Paper short abstract:
Through the example of two female leaders from the Mozambican matrilineal belt, I argue for a better understanding of the historical dynamics of women within the traditional ruling structures to make sense of tensions and cleavages between customary or State proposed/imposed gender regimes.
Paper long abstract:
Based on ethnographic fieldwork carried out in the Mozambican matrilineal belt, I showcase examples of two female leaders. One, is a daughter of a mwene, in Zambezia, who inherited her father’s title, is recognised by her community and sanctioned by the Mozambican state. The second is a piyamwene, in Cabo Delgado, who is recognised by the community and the larger clan but is not included in the state’s roster of traditional leaders.
Through these cases, I discuss how their legitimacy is negotiated and how their subjects make sense of changes in leadership imposed by both the colonial and postcolonial state regimes. I argue that state-imposed disruptions carry both discontinuity and continuity. The female mwene, represents a gendered discontinuity, legitimised by a historical memory of female leadership. The piyamwene represents a functional continuity because she remains central in customary duties, like the initiation rites, and community disputes.

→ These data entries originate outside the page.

Definition H_iso_K {T} (le : T -> T -> Prop) : Prop :=
  (forall k, filterC le k -> filterD le (fst (Hmap le k)) /\
                             filterC le (snd (Hmap le k))) /\
  (forall d k, filterD le d -> filterC le k -> filterC le (Kmap le (d, k))) /\
  (forall k k', filterC le k -> filterC le k' -> subset k k' ->
     subset (fst (Hmap le k)) (fst (Hmap le k')) /\
     subset (snd (Hmap le k)) (snd (Hmap le k'))) /\
  (forall d k d' k', filterD le d -> filterC le k -> filterD le d' ->
     filterC le k' -> subset d d' -> subset k k' ->
     subset (Kmap le (d, k)) (Kmap le (d', k'))) /\
  (forall k, filterC le k -> seteq (Kmap le (Hmap le k)) k) /\
  (forall d k, filterD le d -> filterC le k ->
     seteq (fst (Hmap le (Kmap le (d, k)))) d /\
     seteq (snd (Hmap le (Kmap le (d, k)))) k).

(* F and G (resp. H and K) only build finite meets and upward closures, so they
   produce filters and are monotone.
   A filter is generated by its atomic members (ψ_a, arrows κ → ρ, products δ × κ),
   and ψ_a ~ ω → ψ_a, which gives d ⊆ G (F d) and k ⊆ K (H k).  For the converse
   inclusions, ≤_D and ≤_C are sound for a semantic reading of types: satD f holds of
   the types all of whose arrows κ → ρ have ρ ∈ f k whenever κ ∈ k, and satC d k of
   those whose products δ × κ have δ ∈ d and κ ∈ k.  These are filters, hence contain
   G f and K ⟨d, k⟩.  Finally f ⊆ F (G f) by Scott continuity, writing k as the
   directed union of the principal filters ↑κ for κ ∈ k. *)

From Stdlib Require Import List.
Import ListNotations.

Lemma filter_top {A} {le : A -> A -> Prop} {om an X} :
  is_filter le om an X -> X om.
Proof. intros H; exact (proj1 H). Qed.

Lemma filter_up {A} {le : A -> A -> Prop} {om an X} :
  is_filter le om an X -> forall s t, X s -> le s t -> X t.
Proof. intros H; exact (proj1 (proj2 H)). Qed.

Lemma filter_and {A} {le : A -> A -> Prop} {om an X} :
  is_filter le om an X -> forall s t, X s -> X t -> X (an s t).
Proof. intros H; exact (proj2 (proj2 H)). Qed.

Lemma union_directed_filter {A : Type} {le : A -> A -> Prop} {om an}
  (D : (A -> Prop) -> Prop) :
  (forall Y, D Y -> is_filter le om an Y) -> directed subset D ->
  is_filter le om an (union_fam D).
Proof.
  intros HD [[Y HY] Hdir]. split; [|split].
  - exists Y. split; [exact HY | exact (filter_top (HD Y HY))].
  - intros s t [Z [HZ Hs]] Hst. exists Z.
    split; [exact HZ | exact (filter_up (HD Z HZ) _ _ Hs Hst)].
  - intros s t [Y1 [H1 Hs]] [Y2 [H2 Ht]].
    destruct (Hdir Y1 Y2 H1 H2) as [Z [HZ [H1Z H2Z]]].
    exists Z. split; [exact HZ|]. apply (filter_and (HD Z HZ)); auto.
Qed.

(* [big] abstracts bigandD and bigandC, which return [x] itself on a singleton [x]. *)
Set Implicit Arguments.
Record meet_preorder (A : Type) (le : A -> A -> Prop) (om : A)
    (an : A -> A -> A) (big : list A -> A) : Prop := {
  mp_refl : forall x, le x x;
  mp_trans : forall x y z, le x y -> le y z -> le x z;
  mp_andl : forall x y, le (an x y) x;
  mp_andr : forall x y, le (an x y) y;
  mp_top : forall x, le x om;
  mp_glb : forall x y z, le x y -> le x z -> le x (an y z);
  mp_big_nil : big [] = om;
  mp_big_cons_le : forall x l, le (big (x :: l)) (an x (big l));
  mp_big_cons_ge : forall x l, le (an x (big l)) (big (x :: l)) }.
Unset Implicit Arguments.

I further argue that an understanding of the historical and current dynamics of women within the traditional ruling structures is important to make sense of tensions and cleavages between the so-called modern African states and their citizens. This includes their engagements with the existing (customary) or (im)proposed (State) gender regimes. This is particularly important because female rulers in matrilineal settings are not and have not been accidental events, disposable, or symbolic appendages in the traditional ruling structures. They have been important participants in the governing processes, from working towards social cohesion to mobilizing for what they deemed to be the protection of their subjects.